Bulb shines disturbing light on current account market

The energy company found current account switching has actually enhanced the power of the industry's big guns and wants to prevent something similar from happening in its market

James Moore
Chief Business Commentator
Friday 08 December 2017 17:30 GMT
Have the bigger banks emerged as the winners from easier current account switching?
Have the bigger banks emerged as the winners from easier current account switching? (AP)

The challenge laid down by challenger banks hasn’t proved quite as challenging to the industry's establishment as policymakers might have hoped, at least according to figures ferreted out by energy company Bulb.

Using data provided by payments company Bacs, which oversees the current account switching service, Bulb found that smaller banks made a net loss of 176,063 customers over the last four years.

During the same period the big guns HSBC, Barclays, Lloyds, RBS and Santander, made a net gain of 218,092.

Notwithstanding the fact that the last named of those would have you believe that it’s a challenger, it’s still a striking finding.

But at this point you’re probably asking what on earth it has to do with an outfit like Bulb? Well switching, and encouraging it, is all the rage in energy at the moment where, as with banking, ministers and regulators are keen to see a little competitive vim introduced into the market to break the dominance of the big six providers and provide a better deal for the consumer.

In a submission to energy watchdog OfGem it argues that the big banks responded to launch of the switching service by deploying large advertising budgets and promotional offers to keep customers in their grip.

It points to the Lloyds owned Halifax’s launch a £100 one-off switching incentive plus £5 a month if a customer stays in credit. Or how about HSBC’s First Direct, which Bulb says upgraded its switching offer from £100 to £125 to coincide with the service's launch.

Bulb uses the information to insist that Ofgem “must ensure that any switching service should consider extra information for customers to make informed choices”.

This, it argues, should consider “price, renewable energy mix, and customer service quality” if the regulator wants to avoid the big guns using their financial clout to squeeze the smaller operators out.

I wouldn’t disagree with part of that thesis. The provision of such information would be worthwhile. It’s just the sort of thing I’d like to see before jumping in with a new supplier.

OfGem should also be wary of British Gas owner Centrica’s promise to axe pricey standard variable tariffs in favour of an emergency tariff, which looks very much like a standard variable tariff by another name. Centrica has also tabled proposals to reform the market to make life easier for, you've guessed it, Centrica and British Gas.

However, it’s notable that the big six, of which British Gas is one, don’t exactly feature prominently in the best buy tables provided by YouSwitch, which already facilitates energy switching.
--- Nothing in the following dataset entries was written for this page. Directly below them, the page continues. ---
Lemma sq_eq0 a : sq a = 0 -> a = vzero.
Proof. intros H. vec_ext. pose proof (coord_sq_le a x). pose proof (dot_nonneg a). nra. Qed.

Lemma sq_sub_eq0 a b : sq (vsub a b) = 0 -> a = b.
Proof.
  intros H. apply sq_eq0 in H. vec_ext.
  apply (f_equal (fun v => v x)) in H. unfold vsub, vzero in H. lra.
Qed.

End InnerProduct.

Ltac dot_simpl := repeat progress rewrite ?dot_add_l, ?dot_add_r, ?dot_sub_l, ?dot_sub_r,
  ?dot_scal_l, ?dot_scal_r, ?dot_zero_l, ?dot_zero_r.
Tactic Notation "dot_simpl" "in" hyp(H) := repeat progress rewrite ?dot_add_l, ?dot_add_r,
  ?dot_sub_l, ?dot_sub_r, ?dot_scal_l, ?dot_scal_r, ?dot_zero_l, ?dot_zero_r in H.

Section Euclid.
Context {n : nat}.
Implicit Types a b u v : vec n.

Lemma cauchy_schwarz a b : (dot a b)^2 <= sq a * sq b.
Proof.
  destruct (Req_dec (sq b) 0) as [Hb|Hb].
  - apply sq_eq0 in Hb. subst. rewrite !dot_zero_r. pose proof (dot_nonneg a). nra.
  - pose proof (dot_nonneg b).
    set (t := dot a b / sq b).
    pose proof (dot_nonneg (vsub a (vscal t b))) as Ht. dot_simpl in Ht.
    rewrite (dot_comm b a) in Ht.
    replace (dot a b) with (t * sq b) in * by (unfold t; field; lra). nra.
Qed.

Lemma sq_add_le u v : sq (vadd u v) <= 2 * sq u + 2 * sq v.
Proof.
  pose proof (dot_nonneg (vsub u v)) as H. dot_simpl. dot_simpl in H.
  rewrite (dot_comm v u) in *. lra.
Qed.

Lemma sq_scal t u : sq (vscal t u) = t^2 * sq u.
Proof. dot_simpl. ring. Qed.

End Euclid.

Lemma vsub_diag {n} (x : vec n) : vsub x x = vzero.
Proof. vec_ext. ring. Qed.

Section Closure.
Context {n : nat}.
Implicit Types A B : vec n -> Prop.

Lemma subset_cl A : subset A (cl A).
Proof. intros x Hx e He. exists x. split; auto. rewrite vsub_diag, dot_zero_l. lra. Qed.

Lemma cl_mono A B : subset A B -> subset (cl A) (cl B).
Proof. intros AB x Hx e He. destruct (Hx e He) as [y [Hy Hd]]. exists y; auto. Qed.

Lemma cl_closed A : is_closed (cl A).
Proof.
  intros z Hz e He.
  destruct (Hz (e/4)) as [y [Hy H1]]; [lra|].
  destruct (Hy (e/4)) as [y' [Hy' H2]]; [lra|].
  exists y'. split; auto.
  replace (vsub z y') with (vadd (vsub z y) (vsub y y')) by (vec_ext; ring).
  pose proof (sq_add_le (vsub z y) (vsub y y')). lra.
Qed.

Lemma cl_convex A : is_convex A -> is_convex (cl A).
Proof.
  intros HA x y t Hx Hy [Ht0 Ht1] e He.
  destruct (Hx (e/4)) as [x' [Hx' H1]]; [lra|].
  destruct (Hy (e/4)) as [y' [Hy' H2]]; [lra|].
  exists (vadd (vscal (1 - t) x') (vscal t y')). split; [apply HA; auto; lra|].
  replace (vsub (vadd (vscal (1 - t) x) (vscal t y)) (vadd (vscal (1 - t) x') (vscal t y')))
    with (vadd (vscal (1 - t) (vsub x x')) (vscal t (vsub y y'))) by (vec_ext; ring).
  pose proof (sq_add_le (vscal (1 - t) (vsub x x')) (vscal t (vsub y y'))) as H.
  rewrite !sq_scal in H.
  pose proof (dot_nonneg (vsub x x')). pose proof (dot_nonneg (vsub y y')).
  assert ((1 - t)^2 <= 1) by nra. assert (t^2 <= 1) by nra.
  nra.
Qed.

Lemma cl_cone A : is_cone A -> is_cone (cl A).
Proof.
  intros [H0 Hs]. split; [apply subset_cl; auto|].
  intros x t Hx Ht e He.
  destruct (Hx (e / (t^2 + 1))) as [x' [Hx' H1]]; [apply Rdiv_lt_0_compat; nra|].
  exists (vscal t x'). split; auto.
  replace (vsub (vscal t x) (vscal t x')) with (vscal t (vsub x x')) by (vec_ext; ring).
  rewrite sq_scal. pose proof (dot_nonneg (vsub x x')).
  apply Rmult_lt_compat_r with (r := t^2 + 1) in H1; [|nra].
  unfold Rdiv in H1. rewrite Rmult_assoc, Rinv_l in H1 by nra. nra.
Qed.

Lemma cl_dot_nonneg A k :
  (forall a, A a -> 0 <= dot k a) -> forall z, cl A z -> 0 <= dot k z.
Proof.
  intros H z Hz. apply Rnot_lt_le. intros Hkz.
  set (d := - dot k z). pose proof (dot_nonneg k).
  destruct (Hz (d * d / (sq k + 1))) as [y [Hy Hd]].
  { unfold d. apply Rdiv_lt_0_compat; nra. }
  pose proof (H y Hy). pose proof (cauchy_schwarz k (vsub z y)) as CS.
  rewrite dot_sub_r in CS.
  assert (d * d <= (dot k z - dot k y)^2) by (unfold d in *; nra).
  apply Rmult_lt_compat_r with (r := sq k + 1) in Hd; [|lra].
  unfold Rdiv in Hd. rewrite Rmult_assoc, Rinv_l in Hd by lra.
  pose proof (dot_nonneg (vsub z y)). nra.
Qed.

End Closure.

Lemma RinvN_eventually_lt e : 0 < e -> exists N, forall k, (N <= k)%nat -> RinvN k < e.
Proof.
  intros He. destruct (RinvN_cv He) as [N HN]. exists N. intros k Hk.
  specialize (HN k Hk). pose proof (cond_pos (RinvN k)).
  unfold R_dist in HN. rewrite Rminus_0_r, Rabs_right in HN; lra.
Qed.

Section Projection.
Context {n : nat}.
Implicit Types C : vec n -> Prop.

Lemma vec_cauchy_cv (c : nat -> vec n) :
  (forall e, 0 < e -> exists N, forall k l, (N <= k)%nat -> (N <= l)%nat ->
     sq (vsub (c k) (c l)) < e) ->
  exists p : vec n, forall i, Un_cv (fun k => c k i) (p i).
Proof.
  intros Hc.
  assert (Hcc : forall i, Cauchy_crit (fun k => c k i)).
  { intros i e He. destruct (Hc (e * e)) as [N HN]; [nra|].
    exists N. intros k l Hk Hl. unfold R_dist.
    pose proof (coord_sq_le (vsub (c k) (c l)) i) as Hi. unfold vsub at 1 in Hi.
    specialize (HN k l Hk Hl). apply Rabs_def1; nra. }
  exists (fun i => proj1_sig (R_complete _ (Hcc i))).
  intros i. exact (proj2_sig (R_complete _ (Hcc i))).
Qed.

Lemma sq_sub_cv (c : nat -> vec n) p z :
  (forall i, Un_cv (fun k => c k i) (p i)) ->
  Un_cv (fun k => sq (vsub z (c k))) (sq (vsub z p)).
Proof.
  intros Hp. apply (sumFin_cv n (fun k i => (z i - c k i) * (z i - c k i))).
  intros i. apply CV_mult; apply CV_minus; auto using Un_cv_const.
Qed.

Lemma closed_cv C (c : nat -> vec n) p :
  is_closed C -> (forall k, C (c k)) -> (forall i, Un_cv (fun k => c k i) (p i)) -> C p.
Proof.
  intros Hcl Hc Hp. apply Hcl. intros e He.
  destruct (sq_sub_cv c p p Hp e He) as [N HN].
  exists (c N). split; auto.
  specialize (HN N (le_n N)). rewrite vsub_diag, dot_zero_l in HN.
  pose proof (dot_nonneg (vsub p (c N))).
  unfold R_dist in HN. rewrite Rminus_0_r, Rabs_right in HN; lra.
Qed.

(* Parallelogram law applied to [z - a], [z - b] and the midpoint of [a] and [b]. *)
Lemma near_minimizers_close C z m a b :
  is_convex C -> (forall c, C c -> m <= sq (vsub z c)) -> C a -> C b ->
  sq (vsub a b) <= 2 * (sq (vsub z a) - m) + 2 * (sq (vsub z b) - m).
Proof.
  intros Hcv Hlow Ha Hb.
  assert (Hmid := Hlow _ (Hcv a b (/2) Ha Hb ltac:(lra))).
  replace (vsub z (vadd (vscal (1 - /2) a) (vscal (/2) b)))
    with (vscal (/2) (vadd (vsub z a) (vsub z b))) in Hmid by (vec_ext; field).
  replace (vsub a b) with (vsub (vsub z b) (vsub z a)) by (vec_ext; ring).
  set (u := vsub z a) in *. set (v := vsub z b) in *.
  dot_simpl. dot_simpl in Hmid. rewrite (dot_comm u v) in *. lra.
Qed.

Lemma nearest_point C z : is_closed C -> is_convex C -> (exists c, C c) ->
  exists p, C p /\ forall c, C c -> sq (vsub z p) <= sq (vsub z c).
Proof.
  intros Hcl Hcv [c0 Hc0].
  destruct (completeness (fun r => exists c, C c /\ r = - sq (vsub z c))) as [M [HM1 HM2]].
  { exists 0. intros r [c [_ ->]]. pose proof (dot_nonneg (vsub z c)). lra. }
  { exists (- sq (vsub z c0)), c0. auto. }
  set (m := - M).
  assert (Hlow : forall c, C c -> m <= sq (vsub z c)).
  { intros c Hc. enough (- sq (vsub z c) <= M) by (unfold m; lra). apply HM1. exists c; auto. }
  assert (Happ : forall k, exists c, C c /\ sq (vsub z c) < m + RinvN k).
  { intros k. pose proof (cond_pos (RinvN k)). apply NNPP. intros Hn.
    enough (M <= M - RinvN k) by lra. apply HM2. intros r [c [Hc ->]].
    destruct (Rlt_or_le (sq (vsub z c)) (m + RinvN k)); [exfalso; eauto|unfold m in *; lra]. }
  destruct (choice _ Happ) as [c Hc].
  destruct (vec_cauchy_cv c) as [p Hp].
  { intros e He. destruct (RinvN_eventually_lt (e/4)) as [N HN]; [lra|].
    exists N. intros k l Hk Hl.
    pose proof (near_minimizers_close C z m _ _ Hcv Hlow (proj1 (Hc k)) (proj1 (Hc l))).
    pose proof (HN k Hk). pose proof (HN l Hl). pose proof (proj2 (Hc k)). pose proof (proj2 (Hc l)).
    lra. }
  exists p. split; [exact (closed_cv C c p Hcl (fun k => proj1 (Hc k)) Hp)|].
  intros c' Hc'. apply Rle_trans with m; [|auto].
  replace m with (m + 0) by ring.
  apply (Rle_cv_lim (Un := fun k => sq (vsub z (c k))) (Vn := fun k => m + RinvN k)).
  - intros k. left. apply Hc.
  - apply sq_sub_cv; auto.
  - apply CV_plus; [apply Un_cv_const|apply RinvN_cv].
Qed.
So Bulb wouldn’t appear to have all that much to worry about as things stand.

Where it may have done us all a valuable service is in its highlighting of a potential problem in banking, where the big guns would appear to be tightening their dominance of a market in which they had more power than was healthy before easy switching got started.

The people overseeing that market at the Financial Conduct Authority, and perhaps those at the Competition & Markets Authority too, should pay every bit as much attention to what Bulb has had to say as OfGem should.